**WORK INSTRUCTION**
In the records that follow, show each line where the word "apply" is present.

**GIVEN DATA**
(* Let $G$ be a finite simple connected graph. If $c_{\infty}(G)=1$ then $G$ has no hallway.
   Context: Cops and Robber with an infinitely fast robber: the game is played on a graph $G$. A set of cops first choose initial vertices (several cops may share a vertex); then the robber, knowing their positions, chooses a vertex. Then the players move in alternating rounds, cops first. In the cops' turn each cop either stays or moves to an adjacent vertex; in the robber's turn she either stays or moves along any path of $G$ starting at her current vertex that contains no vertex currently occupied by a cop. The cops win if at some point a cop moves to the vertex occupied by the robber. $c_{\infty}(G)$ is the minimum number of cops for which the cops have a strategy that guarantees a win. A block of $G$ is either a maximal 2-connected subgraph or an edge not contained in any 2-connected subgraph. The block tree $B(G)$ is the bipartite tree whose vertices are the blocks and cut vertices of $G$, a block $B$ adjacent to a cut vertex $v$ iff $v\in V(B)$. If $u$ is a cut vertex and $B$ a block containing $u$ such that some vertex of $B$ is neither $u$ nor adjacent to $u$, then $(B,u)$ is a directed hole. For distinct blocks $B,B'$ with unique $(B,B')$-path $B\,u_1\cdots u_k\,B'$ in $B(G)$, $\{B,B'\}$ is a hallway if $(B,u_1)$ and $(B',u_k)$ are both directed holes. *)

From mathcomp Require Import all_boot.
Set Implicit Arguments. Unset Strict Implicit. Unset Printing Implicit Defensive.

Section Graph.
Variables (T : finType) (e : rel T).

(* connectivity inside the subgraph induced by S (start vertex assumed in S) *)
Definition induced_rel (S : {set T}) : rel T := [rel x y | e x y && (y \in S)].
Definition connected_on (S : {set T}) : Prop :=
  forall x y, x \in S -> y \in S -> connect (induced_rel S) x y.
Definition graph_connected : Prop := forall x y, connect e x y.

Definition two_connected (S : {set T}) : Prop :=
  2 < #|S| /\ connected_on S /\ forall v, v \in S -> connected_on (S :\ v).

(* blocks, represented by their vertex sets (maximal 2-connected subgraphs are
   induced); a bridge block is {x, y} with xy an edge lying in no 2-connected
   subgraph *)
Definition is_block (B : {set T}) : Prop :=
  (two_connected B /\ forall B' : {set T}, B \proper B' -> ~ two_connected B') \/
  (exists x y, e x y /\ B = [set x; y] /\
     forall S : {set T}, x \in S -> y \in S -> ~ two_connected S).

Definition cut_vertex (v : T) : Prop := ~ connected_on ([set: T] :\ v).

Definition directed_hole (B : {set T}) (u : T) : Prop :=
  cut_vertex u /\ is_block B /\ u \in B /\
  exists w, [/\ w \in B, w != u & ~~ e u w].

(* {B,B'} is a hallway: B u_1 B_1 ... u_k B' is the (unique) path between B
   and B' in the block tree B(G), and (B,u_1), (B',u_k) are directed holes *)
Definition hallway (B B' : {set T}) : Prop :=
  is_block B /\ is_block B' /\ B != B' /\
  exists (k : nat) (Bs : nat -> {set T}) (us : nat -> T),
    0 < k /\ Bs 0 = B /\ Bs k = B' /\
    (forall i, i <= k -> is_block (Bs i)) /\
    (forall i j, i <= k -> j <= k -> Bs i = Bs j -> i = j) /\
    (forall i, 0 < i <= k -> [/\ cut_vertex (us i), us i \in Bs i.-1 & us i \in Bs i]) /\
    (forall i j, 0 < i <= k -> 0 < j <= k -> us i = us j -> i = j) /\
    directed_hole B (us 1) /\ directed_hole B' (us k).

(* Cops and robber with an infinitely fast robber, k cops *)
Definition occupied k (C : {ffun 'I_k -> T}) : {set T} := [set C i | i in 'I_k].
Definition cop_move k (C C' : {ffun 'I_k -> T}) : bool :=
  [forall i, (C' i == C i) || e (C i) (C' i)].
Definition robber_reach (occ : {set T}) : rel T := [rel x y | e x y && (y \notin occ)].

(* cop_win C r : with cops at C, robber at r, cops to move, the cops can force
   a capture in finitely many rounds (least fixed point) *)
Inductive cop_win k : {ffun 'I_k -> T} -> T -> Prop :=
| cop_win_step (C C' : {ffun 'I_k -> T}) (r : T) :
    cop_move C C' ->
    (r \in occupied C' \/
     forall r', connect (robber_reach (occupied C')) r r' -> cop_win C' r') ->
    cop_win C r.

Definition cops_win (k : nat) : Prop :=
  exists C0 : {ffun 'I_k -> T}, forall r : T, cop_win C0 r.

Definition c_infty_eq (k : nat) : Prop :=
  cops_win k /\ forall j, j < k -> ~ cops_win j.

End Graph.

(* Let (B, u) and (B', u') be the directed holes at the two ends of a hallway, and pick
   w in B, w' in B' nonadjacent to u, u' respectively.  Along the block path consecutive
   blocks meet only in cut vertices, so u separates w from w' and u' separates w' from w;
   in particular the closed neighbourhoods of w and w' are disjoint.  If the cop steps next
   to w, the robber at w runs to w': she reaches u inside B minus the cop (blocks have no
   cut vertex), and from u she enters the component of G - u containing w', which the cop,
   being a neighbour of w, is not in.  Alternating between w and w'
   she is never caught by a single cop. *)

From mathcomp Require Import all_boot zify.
==
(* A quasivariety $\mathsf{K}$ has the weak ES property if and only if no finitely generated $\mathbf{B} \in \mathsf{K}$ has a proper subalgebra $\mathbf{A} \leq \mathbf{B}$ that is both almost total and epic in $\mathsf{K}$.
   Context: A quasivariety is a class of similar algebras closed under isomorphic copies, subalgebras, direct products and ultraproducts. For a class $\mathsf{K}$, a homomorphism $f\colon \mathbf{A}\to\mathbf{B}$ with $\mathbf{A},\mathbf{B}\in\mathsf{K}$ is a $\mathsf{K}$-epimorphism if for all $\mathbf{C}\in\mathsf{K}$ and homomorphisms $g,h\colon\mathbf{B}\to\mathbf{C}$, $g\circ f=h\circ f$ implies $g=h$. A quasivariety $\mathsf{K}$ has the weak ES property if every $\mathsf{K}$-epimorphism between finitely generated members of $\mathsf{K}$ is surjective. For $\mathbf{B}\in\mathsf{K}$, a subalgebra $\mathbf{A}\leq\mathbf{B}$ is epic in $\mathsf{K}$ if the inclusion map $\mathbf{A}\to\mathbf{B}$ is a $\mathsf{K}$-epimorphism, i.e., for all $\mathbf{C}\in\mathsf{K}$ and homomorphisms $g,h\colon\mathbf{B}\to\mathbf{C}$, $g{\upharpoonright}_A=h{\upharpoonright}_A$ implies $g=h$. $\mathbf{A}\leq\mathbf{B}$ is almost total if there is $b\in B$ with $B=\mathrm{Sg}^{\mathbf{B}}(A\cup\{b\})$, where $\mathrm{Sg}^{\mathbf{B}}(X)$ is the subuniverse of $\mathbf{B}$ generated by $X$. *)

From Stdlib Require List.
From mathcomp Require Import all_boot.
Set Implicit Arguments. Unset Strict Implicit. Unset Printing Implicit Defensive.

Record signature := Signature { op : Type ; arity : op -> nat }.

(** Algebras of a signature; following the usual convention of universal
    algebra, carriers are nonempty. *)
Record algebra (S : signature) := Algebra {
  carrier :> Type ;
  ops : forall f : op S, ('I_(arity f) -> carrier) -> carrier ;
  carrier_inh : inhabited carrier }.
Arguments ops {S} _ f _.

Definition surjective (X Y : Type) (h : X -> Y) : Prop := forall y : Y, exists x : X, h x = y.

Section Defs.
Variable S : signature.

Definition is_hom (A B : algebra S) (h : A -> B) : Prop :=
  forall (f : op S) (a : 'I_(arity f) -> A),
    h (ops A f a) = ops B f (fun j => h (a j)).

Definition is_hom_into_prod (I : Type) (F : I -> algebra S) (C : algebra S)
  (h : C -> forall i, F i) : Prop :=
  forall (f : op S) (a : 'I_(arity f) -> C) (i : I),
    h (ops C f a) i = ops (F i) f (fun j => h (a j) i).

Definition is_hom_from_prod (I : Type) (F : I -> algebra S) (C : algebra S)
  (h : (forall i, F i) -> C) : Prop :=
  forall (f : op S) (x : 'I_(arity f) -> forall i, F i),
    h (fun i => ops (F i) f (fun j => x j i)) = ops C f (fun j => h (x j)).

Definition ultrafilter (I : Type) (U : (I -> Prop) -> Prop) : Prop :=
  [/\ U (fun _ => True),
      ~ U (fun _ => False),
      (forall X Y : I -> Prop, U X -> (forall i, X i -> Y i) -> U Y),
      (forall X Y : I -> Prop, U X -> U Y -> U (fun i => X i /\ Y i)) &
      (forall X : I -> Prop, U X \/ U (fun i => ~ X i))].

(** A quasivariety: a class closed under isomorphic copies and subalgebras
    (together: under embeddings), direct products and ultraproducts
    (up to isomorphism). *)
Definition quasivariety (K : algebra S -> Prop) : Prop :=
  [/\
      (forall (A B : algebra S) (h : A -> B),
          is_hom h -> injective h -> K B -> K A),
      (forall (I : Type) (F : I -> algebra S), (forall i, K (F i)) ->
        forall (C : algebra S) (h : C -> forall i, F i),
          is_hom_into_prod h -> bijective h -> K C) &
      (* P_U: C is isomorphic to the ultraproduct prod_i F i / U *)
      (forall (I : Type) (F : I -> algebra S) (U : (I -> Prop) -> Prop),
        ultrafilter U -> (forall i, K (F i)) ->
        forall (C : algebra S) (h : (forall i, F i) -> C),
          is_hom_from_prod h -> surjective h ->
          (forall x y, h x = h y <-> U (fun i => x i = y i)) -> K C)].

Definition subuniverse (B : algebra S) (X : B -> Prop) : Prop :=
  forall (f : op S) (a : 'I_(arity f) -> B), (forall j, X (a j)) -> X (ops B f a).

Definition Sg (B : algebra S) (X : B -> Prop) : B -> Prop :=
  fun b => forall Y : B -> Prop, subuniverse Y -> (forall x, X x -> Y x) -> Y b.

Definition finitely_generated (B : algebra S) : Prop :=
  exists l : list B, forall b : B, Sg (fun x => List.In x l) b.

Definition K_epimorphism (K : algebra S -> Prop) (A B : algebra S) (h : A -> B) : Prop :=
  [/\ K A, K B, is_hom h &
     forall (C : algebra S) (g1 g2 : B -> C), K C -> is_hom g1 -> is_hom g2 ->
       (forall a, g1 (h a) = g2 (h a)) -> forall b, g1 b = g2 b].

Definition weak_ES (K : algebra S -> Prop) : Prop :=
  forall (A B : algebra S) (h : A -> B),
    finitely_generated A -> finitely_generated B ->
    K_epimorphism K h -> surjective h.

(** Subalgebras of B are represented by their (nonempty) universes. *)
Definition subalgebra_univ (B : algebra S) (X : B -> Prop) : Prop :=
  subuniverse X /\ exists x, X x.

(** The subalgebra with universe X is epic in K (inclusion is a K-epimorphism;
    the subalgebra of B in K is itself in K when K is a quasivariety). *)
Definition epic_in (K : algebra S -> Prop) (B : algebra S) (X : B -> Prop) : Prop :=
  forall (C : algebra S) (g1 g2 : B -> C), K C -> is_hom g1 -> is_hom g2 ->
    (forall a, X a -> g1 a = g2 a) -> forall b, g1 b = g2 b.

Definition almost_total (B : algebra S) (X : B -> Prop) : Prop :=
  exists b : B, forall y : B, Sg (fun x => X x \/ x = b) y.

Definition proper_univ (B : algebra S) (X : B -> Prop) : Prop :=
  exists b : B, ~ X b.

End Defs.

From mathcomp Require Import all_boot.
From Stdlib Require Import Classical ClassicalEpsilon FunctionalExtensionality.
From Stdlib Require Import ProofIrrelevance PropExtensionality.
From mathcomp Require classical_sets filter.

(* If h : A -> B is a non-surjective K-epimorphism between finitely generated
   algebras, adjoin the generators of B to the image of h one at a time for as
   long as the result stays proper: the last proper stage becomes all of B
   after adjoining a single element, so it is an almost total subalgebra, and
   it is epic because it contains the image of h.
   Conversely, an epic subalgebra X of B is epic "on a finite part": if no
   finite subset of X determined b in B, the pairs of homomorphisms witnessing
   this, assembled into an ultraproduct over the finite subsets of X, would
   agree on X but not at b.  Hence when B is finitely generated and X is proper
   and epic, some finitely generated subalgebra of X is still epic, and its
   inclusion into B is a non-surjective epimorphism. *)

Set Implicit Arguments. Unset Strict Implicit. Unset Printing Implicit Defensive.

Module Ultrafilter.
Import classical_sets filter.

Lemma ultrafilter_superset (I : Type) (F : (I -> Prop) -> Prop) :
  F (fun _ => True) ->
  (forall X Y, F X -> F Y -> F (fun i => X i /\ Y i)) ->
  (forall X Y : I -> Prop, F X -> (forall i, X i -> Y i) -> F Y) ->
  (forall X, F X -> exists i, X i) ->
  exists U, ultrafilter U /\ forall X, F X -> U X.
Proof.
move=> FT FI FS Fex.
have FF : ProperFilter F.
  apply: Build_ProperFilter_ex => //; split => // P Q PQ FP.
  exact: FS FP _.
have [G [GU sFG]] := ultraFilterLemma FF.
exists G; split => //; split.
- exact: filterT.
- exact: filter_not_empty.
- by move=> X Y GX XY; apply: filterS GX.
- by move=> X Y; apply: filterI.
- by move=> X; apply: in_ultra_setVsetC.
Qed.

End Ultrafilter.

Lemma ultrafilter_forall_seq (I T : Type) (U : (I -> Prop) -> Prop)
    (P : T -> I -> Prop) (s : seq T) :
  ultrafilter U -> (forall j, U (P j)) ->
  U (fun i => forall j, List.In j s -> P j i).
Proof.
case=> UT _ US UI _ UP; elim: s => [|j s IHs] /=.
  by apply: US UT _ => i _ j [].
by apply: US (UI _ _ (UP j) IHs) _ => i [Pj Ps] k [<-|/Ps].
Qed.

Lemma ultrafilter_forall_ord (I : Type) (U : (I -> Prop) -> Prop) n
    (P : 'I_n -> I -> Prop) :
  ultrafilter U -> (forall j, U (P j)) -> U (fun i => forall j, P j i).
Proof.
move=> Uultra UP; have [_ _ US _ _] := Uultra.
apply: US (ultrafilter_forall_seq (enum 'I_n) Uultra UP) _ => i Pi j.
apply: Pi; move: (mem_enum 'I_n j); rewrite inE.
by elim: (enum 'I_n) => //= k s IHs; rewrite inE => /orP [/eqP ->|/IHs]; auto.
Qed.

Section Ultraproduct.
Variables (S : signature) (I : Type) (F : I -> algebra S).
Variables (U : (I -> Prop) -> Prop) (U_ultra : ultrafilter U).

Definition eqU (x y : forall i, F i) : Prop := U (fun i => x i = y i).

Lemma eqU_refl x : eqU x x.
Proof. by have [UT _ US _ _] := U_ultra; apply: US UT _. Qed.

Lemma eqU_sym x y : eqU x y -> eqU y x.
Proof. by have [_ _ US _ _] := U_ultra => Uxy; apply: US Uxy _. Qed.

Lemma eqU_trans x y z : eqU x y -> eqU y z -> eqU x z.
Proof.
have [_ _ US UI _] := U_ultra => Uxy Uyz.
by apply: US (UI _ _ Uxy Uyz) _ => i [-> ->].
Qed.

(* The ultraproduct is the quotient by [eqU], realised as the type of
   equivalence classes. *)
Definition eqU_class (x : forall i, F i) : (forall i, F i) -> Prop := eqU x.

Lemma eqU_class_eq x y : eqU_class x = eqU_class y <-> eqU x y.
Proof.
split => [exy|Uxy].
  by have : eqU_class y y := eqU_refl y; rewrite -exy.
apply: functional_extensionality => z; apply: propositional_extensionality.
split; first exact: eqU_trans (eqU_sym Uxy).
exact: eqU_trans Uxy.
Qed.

**YOUR RESPONSE**
  apply: Build_ProperFilter_ex => //; split => // P Q PQ FP.
- by move=> X Y GX XY; apply: filterS GX.
- by move=> X Y; apply: filterI.
- by move=> X; apply: in_ultra_setVsetC.
  by apply: US UT _ => i _ j [].
by apply: US (UI _ _ (UP j) IHs) _ => i [Pj Ps] k [<-|/Ps].
apply: US (ultrafilter_forall_seq (enum 'I_n) Uultra UP) _ => i Pi j.
apply: Pi; move: (mem_enum 'I_n j); rewrite inE.
Proof. by have [UT _ US _ _] := U_ultra; apply: US UT _. Qed.
Proof. by have [_ _ US _ _] := U_ultra => Uxy; apply: US Uxy _. Qed.
by apply: US (UI _ _ Uxy Uyz) _ => i [-> ->].
apply: functional_extensionality => z; apply: propositional_extensionality.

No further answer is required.